This section, together with its subsections, contains research that is specific to the `BoW` approach.

### Evaluation

In this section are defined some evaluatory functions intended for `BoW` classifiers, such as:
- `show_scores`: displays metrics such as classification report, confusion matrix and precision-recall curve;
- `get_top_features`: optionally displays and returns separately `TOP_K_FEATURES` ham and `TOP_K_FEATURES` spam features, `TOP_K_FEATURES` ham and/or spam features, or *None*;
- `get_top_clustered_features`: optionally displays and returns separately `TOP_K_FEATURES` ham and `TOP_K_FEATURES` spam features, or *None*;
- `has_clusterable_features`: tests whether a `BoW` classifier has clusterable features, used by `get_top_clustered_features`;
- `print_feature_importances`: a utility function that displays the feature importances, used by `get_top_features` and `get_top_clustered_features`.

In [None]:
TOP_K_FEATURES = 10


def show_scores(
  model: Pipeline,
  X: pd.Series = X_test,
  y: pd.Series = y_test,
) -> None:
  """Displays various metrics for `model`.
  
  Displayed metrics are:
  - classification report;
  - confusion matrix;
  - precision-recall curve.

  Predictions used for precision-recall curve are obtained from
  `predict_proba`, `decision_function` or `predict` - whichever
  method is available, in order of priority.

  Args:
    model: A `Scikit-learn` pipeline.
    X: The messages.
    y: The ham/spam labels.
  """
  predictions = model.predict(X)
  predictor_name = get_predictor_name(model)
  classification_report_str = classification_report(
    y, predictions,
    labels=[0, 1], target_names=["Ham", "Spam"],
    digits=3, zero_division=np.nan,  # type: ignore
  )
  print(f"\n\n{predictor_name}:")
  print("-" * 80)
  print(classification_report_str)
  if hasattr(model, "predict_proba"):
    prob_predictions = model.predict_proba(X)[:, 1]
  elif hasattr(model, "decision_function"):
    prob_predictions = model.decision_function(X)
  else:
    prob_predictions = predictions
  _, (ax_cm, ax_prc) = plt.subplots(2, 1, figsize=(8, 12))
  show_confusion_matrix(y, predictions,
                        predictor_name, ax_cm)
  show_precision_recall_curve(y, prob_predictions,
                              predictor_name, ax_prc)
  plt.show()


def get_top_features(
  model: Pipeline,
  X: pd.Series = X_train,
  y: pd.Series = y_train,
  k: int = TOP_K_FEATURES,
  show_features: bool = True,
) -> (HamSpamFeatureImportances | FeatureImportances | None):
  """Optionally displays and returns top features and their importances.

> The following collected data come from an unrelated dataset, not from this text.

(* Comparing e_(a+S) and e_(b+S), |S| = k - 1, shows that the support of x
   cannot separate two points: it consists of the empty and the full set. *)
Lemma comm_grade_support C : x C != 0 -> C = set0 \/ C = setT.
Proof.
move=> xC.
have same (a b : 'I_n) : a != b -> (a \in C) = (b \in C).
  move=> ab; have [S [cS sS]] := @exists_avoiding [set a; b] k.-1
    ltac:(rewrite cards2 ab; lia).
  have rho_one c : c \in [set a; b] -> rho [set c] C * rho S C = 1.
    move=> cab; have cS' : c \notin S.
      by apply: contraL cab => /(subsetP sS); rewrite inE.
    rewrite -rho_sdl -setU1_sd //; apply: commute_coef xC.
    by apply: x_comm; rewrite cardsU1 cS' cS add1n prednK.
  have : rho [set a] C = rho [set b] C.
    by apply: (mulIf (rho_neq0 S C)); rewrite !rho_one ?set21 ?set22.
  by rewrite !rho1 => /(mulfI (negbT (signr_eq0 _ _))) /flip_inj.
have [-> | [a aC]] := set_0Vmem C; [by left | right].
apply/setP=> b; rewrite inE.
by case: (eqVneq a b) => [<- // | ab]; rewrite -(same _ _ ab).
Qed.

Lemma comm_grade_grade0n : in_grade0n x.
Proof.
move=> C /comm_grade_support [] ->; first by rewrite cards0.
by rewrite cardsT card_ord eqxx orbT.
Qed.

(* For odd k and even n, e_N anticommutes with the grade-k blades, so the
   C^n component vanishes; for odd n, C^0 (+) C^n is the center anyway. *)
Lemma comm_odd_grade_center : odd k -> in_center x.
Proof.
move=> ko; rewrite /in_center; case: ifP => no; first exact: comm_grade_grade0n.
move=> C xC; have [-> | eC] := comm_grade_support xC; first by rewrite cards0.
have [S [cS _]] := @exists_avoiding set0 k ltac:(rewrite cards0; lia).
have := commute_coef (x_comm cS) xC; rewrite eC.
by rewrite rho_setT -signr_odd no expr0 mul1r cS -signr_odd ko expr1 => /eqP;
  rewrite (negPf m1_neq1).
Qed.

End CommutingWithAGrade.

Definition par (b : bool) (x : cl) : Prop := in_grades (fun j => odd j == b) x.
Definition ev (x : cl) : cl := [ffun A : {set 'I_n} => if odd #|A| then 0 else x A].
Definition od (x : cl) : cl := [ffun A : {set 'I_n} => if odd #|A| then x A else 0].

Lemma ev_od x : ev x + od x = x.
Proof. by apply/ffunP=> A; rewrite !ffunE; case: ifP; rewrite ?add0r ?addr0. Qed.

Lemma par_ev x : par false (ev x).
Proof. by move=> A; rewrite ffunE; case: (odd #|A|); rewrite ?eqxx. Qed.
Lemma par_od x : par true (od x).
Proof. by move=> A; rewrite ffunE; case: (odd #|A|); rewrite ?eqxx. Qed.

Lemma par_even x : par false x -> in_even x.
Proof. by move=> h A /h; case: (odd _). Qed.
Lemma par_odd x : par true x -> in_odd x.
Proof. by move=> h A /h; case: (odd _). Qed.

Lemma grade_par k x : in_grade k x -> par (odd k) x.
Proof. by move=> h A /h /eqP ->. Qed.

Lemma par0 b : par b 0.
Proof. by move=> A; rewrite ffunE eqxx. Qed.

Lemma par_add b x y : par b x -> par b y -> par b (x + y).
Proof.
move=> hx hy A; rewrite ffunE; case: (eqVneq (x A) 0) => [-> | xA _]; last exact: hx.
by rewrite add0r; exact: hy.
Qed.

Lemma par_scl b a x : par b x -> par b (a *s x).
Proof. by move=> hx A; rewrite ffunE mulf_eq0 negb_or => /andP [_]; exact: hx. Qed.

Lemma par_mul b c x y : par b x -> par c y -> par (b (+) c) (x ** y).
Proof.
move=> hx hy C; apply: contraR => nP; rewrite clmulE big1 // => A _.
case: (eqVneq (x A) 0) => [-> | xA]; first by rewrite !mul0r.
case: (eqVneq (y (sd A C)) 0) => [-> | yA]; first by rewrite mulr0 mul0r.
by move: nP; rewrite -{1}(sdK A C) odd_sd (eqP (hx _ xA)) (eqP (hy _ yA)) eqxx.
Qed.

Lemma par_zero b x C : par b x -> odd #|C| != b -> x C = 0.
Proof. by move=> hx; apply: contraNeq => /hx. Qed.

Lemma par_split b (u v u' v' : cl) : par b u -> par (~~ b) v -> par b u' ->
  par (~~ b) v' -> u + v = u' + v' -> u = u' /\ v = v'.
Proof.
move=> hu hv hu' hv' /ffunP e; split; apply/ffunP=> C; move: (e C); rewrite !ffunE;
  case: (eqVneq (odd #|C|) b) => ob.
- by rewrite (par_zero hv) ?(par_zero hv') ?addr0 // ob; case: b {hu hv hu' hv' ob}.
- by rewrite (par_zero hu ob) (par_zero hu' ob).
- by rewrite (par_zero hv) ?(par_zero hv') // ob; case: b {hu hv hu' hv' ob}.
- by rewrite (par_zero hu ob) (par_zero hu' ob) !add0r.
Qed.

Lemma intertwine_odd b (T U V : cl) : par b U -> par b V -> V ** T = T ** U ->
  V ** od T = od T ** U.
Proof.
move=> hU hV e.
have := @par_split b (V ** ev T) (V ** od T) (ev T ** U) (od T ** U).
rewrite -clmulDr -clmulDl !ev_od => h; apply: (h _ _ _ _ e).2.
- by rewrite -[b]addbF; apply: par_mul => //; exact: par_ev.
- by rewrite -addbT; apply: par_mul => //; exact: par_od.
- by rewrite -[b]addFb; apply: par_mul => //; exact: par_ev.
- by rewrite -addTb; apply: par_mul => //; exact: par_od.
Qed.

(* The ordered pairs of A split into the diagonal and two halves
   exchanged by the swap. *)
Lemma self_inversions A :
  ((\sum_(a in A) \sum_(b in A) (val b < val a)).*2 + #|A| = #|A| * #|A|)%N.
Proof.
have all_pairs : (\sum_(a in A) \sum_(b in A)
    ((val b < val a) + (val a < val b) + (a == b)) = #|A| * #|A|)%N.
  transitivity (\sum_(a in A) \sum_(b in A) 1)%N.
    apply: eq_bigr => a _; apply: eq_bigr => b _.
    by rewrite -val_eqE; case: (ltngtP (val b) (val a)).
  by under eq_bigr => a _ do rewrite sum1_card; rewrite sum_nat_const.
rewrite -all_pairs; under [RHS]eq_bigr => a _ do rewrite !big_split /=.
rewrite !big_split /= -addnn exchange_big; congr (_ + _).
rewrite -sum1_card; apply: eq_bigr => a aA.
by rewrite (bigD1 a) //= eqxx big1 // => b /andP [_ ba]; rewrite eq_sym (negPf ba).
Qed.

(* Reversion multiplies e_A by the sign of the permutation reversing A. *)
Lemma clrevE x A : clrev x A = eps A A * x A.
Proof.
rewrite ffunE -inversions_sign inversions_count; congr (_ ^+ _ * _).
by rewrite mulnBr muln1 -(self_inversions A) addnK divn2 doubleK.
Qed.

Lemma clrev_involutive x : clrev (clrev x) = x.
Proof. by apply/ffunP=> A; rewrite !clrevE mulrA eps2 mul1r. Qed.

Lemma clrev_one : clrev one = one.
Proof.
apply/ffunP=> A; rewrite clrevE ffunE.
by case: (eqVneq A set0) => [->|_]; rewrite ?mulr0 // /eps big_set0 mul1r.
Qed.

Lemma eps_sd_self A C : eps (sd A C) (sd A C) * rho A C = eps A A * eps C C.
Proof.
rewrite eps_sdl !eps_sdr /rho.
transitivity (eps A A * eps C C * (eps A C * eps A C) * (eps C A * eps C A)); first by ring.
by rewrite !eps2 !mulr1.
Qed.

Lemma clrev_mul x y : clrev (x ** y) = clrev y ** clrev x.
Proof.
apply/ffunP=> D; rewrite clrevE !clmulE mulr_sumr.
rewrite [RHS](reindex_inj (@sd_inj n D)) /=; apply: eq_bigr => A _.
rewrite [sd D A]sdC sdKr !clrevE bsign_swap; set C := sd A D.
have eD : eps D D * rho A C = eps A A * eps C C.
  by rewrite -eps_sd_self /C sdK.
transitivity (eps D D * rho A C * (x A * y C * bsign C A)); first by ring.
by rewrite eD; ring.
Qed.

Definition rsgn (k : nat) : F := (-1) ^+ ((k * (k - 1)) %/ 2).

Lemma clrev_grade k x : in_grade k x -> clrev x = rsgn k *s x.
Proof.
move=> h; apply/ffunP=> A; rewrite !ffunE.
by case: (eqVneq (x A) 0) => [->|/h /eqP ->]; rewrite ?mulr0.
Qed.

Lemma rsgn_2mod4 : (n %% 4 = 2)%N -> rsgn n = -1.
Proof.
move=> h; rewrite /rsgn.
have e : n = (4 * (n %/ 4) + 2)%N by rewrite {1}(divn_eq n 4) h mulnC.
set m := (n %/ 4)%N in e.
have -> : (n * (n - 1) = 2 * ((2 * m + 1) * (4 * m + 1)))%N by rewrite e; nia.
by rewrite mulKn // -signr_odd oddM (oddD (2 * m)) (oddD (4 * m)) (oddM 2) (oddM 4) expr1.
Qed.

Lemma clrev_fixed_top x : (n %% 4 = 2)%N -> clrev x = x -> x setT = 0.
Proof.
move=> n4 /ffunP /(_ setT); rewrite ffunE cardsT card_ord -/(rsgn n) rsgn_2mod4 //.
rewrite mulN1r => /eqP; rewrite eq_sym -addr_eq0 -mulr2n -mulr_natr mulf_eq0.
by rewrite (negPf two_neq0) orbF => /eqP.
Qed.

Local Notation eN := (blade F (setT : {set 'I_n})).
Definition sN : F := bsign setT setT.

Lemma eN_sqr : eN ** eN = sN *s one.
Proof. by rewrite mul_blades sdvv. Qed.

Lemma sN_neq0 : sN != 0.
Proof. exact: bsign_neq0. Qed.

Lemma par_eN : par (odd n) eN.
Proof.
move=> A; rewrite ffunE; case: (eqVneq A setT) => [->|]; last by rewrite eqxx.
by rewrite cardsT card_ord eqxx.
Qed.

Lemma par_one : par false one.
Proof.
move=> A; rewrite ffunE; case: (eqVneq A set0) => [->|]; last by rewrite eqxx.
by rewrite cards0.
Qed.

Lemma eN_central : odd n -> forall x, eN ** x = x ** eN.
Proof.
move=> no x; apply: commute_of => C _.
by rewrite rho_setTl -signr_odd no expr1 mulrNN mulr1 expr1n.
Qed.

Lemma eN_comm_even : ~~ odd n -> forall x, par false x -> eN ** x = x ** eN.
Proof.
move=> no x hx; apply: commute_of => C xC.
rewrite rho_setTl -signr_odd (negPf no) expr0 mul1r.
by rewrite -signr_odd (eqP (hx _ xC)).
Qed.

Lemma eN_anticomm_odd : ~~ odd n -> forall x, par true x -> eN ** x = - (x ** eN).
Proof.
move=> no x hx; apply: anticommute_of => C xC.
rewrite rho_setTl -signr_odd (negPf no) expr0 mul1r.
by rewrite -signr_odd (eqP (hx _ xC)).
Qed.

(* span a b = a e + b e_N, the elements of C^0 (+) C^n; this is a
   commutative subalgebra with conjugation span a b -> span a (-b). *)
Definition span (a b : F) : cl := a *s one + b *s eN.

Lemma span_mul a b c d :
  span a b ** span c d = span (a * c + b * d * sN) (a * d + b * c).
Proof.
rewrite /span !clmulDl !clmulDr !clmulZl !clmulZr clmul1x clmulx1 clmul1x eN_sqr.
by apply/ffunP=> C; rewrite !ffunE; ring.
Qed.

Lemma span_mulx a b x : span a b ** x = a *s x + b *s (eN ** x).
Proof. by rewrite /span clmulDl !clmulZl clmul1x. Qed.

Lemma mulx_span a b x : x ** span a b = a *s x + b *s (x ** eN).
Proof. by rewrite /span clmulDr !clmulZr clmulx1. Qed.

Lemma span_scalar c : span c 0 = c *s one.
Proof. by apply/ffunP=> C; rewrite !ffunE mul0r addr0. Qed.

Lemma span_grade0n a b : in_grade0n (span a b).
Proof.
move=> C; rewrite !ffunE.
case: (eqVneq C set0) => [->|_]; first by rewrite cards0.
case: (eqVneq C setT) => [->|_]; first by rewrite cardsT card_ord eqxx orbT.
by rewrite !mulr0 addr0 eqxx.
Qed.

Lemma setT_neq0 : (0 < n)%N -> (setT : {set 'I_n}) != set0.
Proof. by move=> n0; apply/set0Pn; exists (Ordinal n0); rewrite inE. Qed.

Lemma span_set0 a b : (0 < n)%N -> span a b set0 = a.
Proof.
by move=> n0; rewrite !ffunE eqxx eq_sym (negPf (setT_neq0 n0)) mulr0 mulr1 addr0.
Qed.

Lemma grade0n_span x : (0 < n)%N -> in_grade0n x -> x = span (x set0) (x setT).
Proof.
move=> n0 hx; have nT := setT_neq0 n0; apply/ffunP=> C; rewrite !ffunE.
have [-> | C0] := eqVneq C set0; first by rewrite eq_sym (negPf nT) mulr1 mulr0 addr0.
have [-> | CT] := eqVneq C setT; first by rewrite mulr1 mulr0 add0r.
rewrite !mulr0 addr0.
case: (eqVneq (x C) 0) => // /hx /orP [] hC; first by move: C0; rewrite -cards_eq0 hC.
by move: CT; rewrite eqEcard subsetT cardsT card_ord (eqP hC) leqnn.
Qed.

  Forwards the call to `get_top_clustered_features` if `model`
  uses dimensionality reduction in the feature selection step.

  What features are returned depends on what attributes `model` has.

  Args:
    model: A `Scikit-learn` pipeline.
    X: The messages.
    y: The ham/spam labels.
    k: Number of selected top features.
    show_features: Display or not the features.

  Returns:
    Separately `TOP_K_FEATURES` ham and `TOP_K_FEATURES` spam features,
    `TOP_K_FEATURES` ham and/or spam features, or *None*.
  """
  if has_clusterable_features(model):
    return get_top_clustered_features(model, X, y, k)

  predictor = get_predictor(model)
  transformers = get_transformers(model)
  names = transformers.get_feature_names_out()
  has_feature_log_prob_ = hasattr(predictor, "feature_log_prob_")
  has_coef_ = hasattr(predictor, "coef_")
  has_ham_spam_importances = has_feature_log_prob_ or has_coef_
  if has_ham_spam_importances:
    if has_feature_log_prob_:
      importances = predictor.feature_log_prob_  # type: ignore
      ham_top_k_indices = np.argsort(importances[0])[-k:][::-1]
      spam_top_k_indices = np.argsort(importances[1])[-k:][::-1]
      ham_top_k_names = names[ham_top_k_indices]
      ham_top_k_importances = importances[0][ham_top_k_indices]
      spam_top_k_names = names[spam_top_k_indices]
      spam_top_k_importances = importances[1][spam_top_k_indices]
    else:
      X_tfidf_mean = transformers.transform(X).mean(axis=0)
      importances = (predictor.coef_.ravel()  # type: ignore
                     * np.asarray(X_tfidf_mean).ravel())
      ham_top_k_indices = np.argsort(importances)[:k]
      spam_top_k_indices = np.argsort(importances)[-k:][::-1]
      ham_top_k_names = names[ham_top_k_indices]
      ham_top_k_importances = importances[ham_top_k_indices]
      spam_top_k_names = names[spam_top_k_indices]
      spam_top_k_importances = importances[spam_top_k_indices]
    if show_features:
      show_feature_importances(ham_top_k_names,
                               ham_top_k_importances,
                               "Most important ham features:")
      show_feature_importances(spam_top_k_names,
                               spam_top_k_importances,
                               "Most important spam features:")
    return (
      list(zip(ham_top_k_names, ham_top_k_importances)),
      list(zip(spam_top_k_names, spam_top_k_importances)),
    )
  elif hasattr(predictor, "feature_importances_"):
    importances = predictor.feature_importances_  # type: ignore
    top_k_indices = np.argsort(importances)[-k:][::-1]
    top_k_names = names[top_k_indices]
    top_k_importances = importances[top_k_indices]
    if show_features:
      show_feature_importances(top_k_names,
                               top_k_importances,
                               "Most important features:")
    return list(zip(top_k_names, top_k_importances))
  else:
    print("No metric available for getting the top features")
    return None


def get_top_clustered_features(
  model: Pipeline,
  X: pd.Series = X_train,
  y: pd.Series = y_train,
  k: int = TOP_K_FEATURES,
  show_features: bool = True,
) -> (HamSpamFeatureImportances | FeatureImportances | None):
  """Optionally displays and returns top features and their importances.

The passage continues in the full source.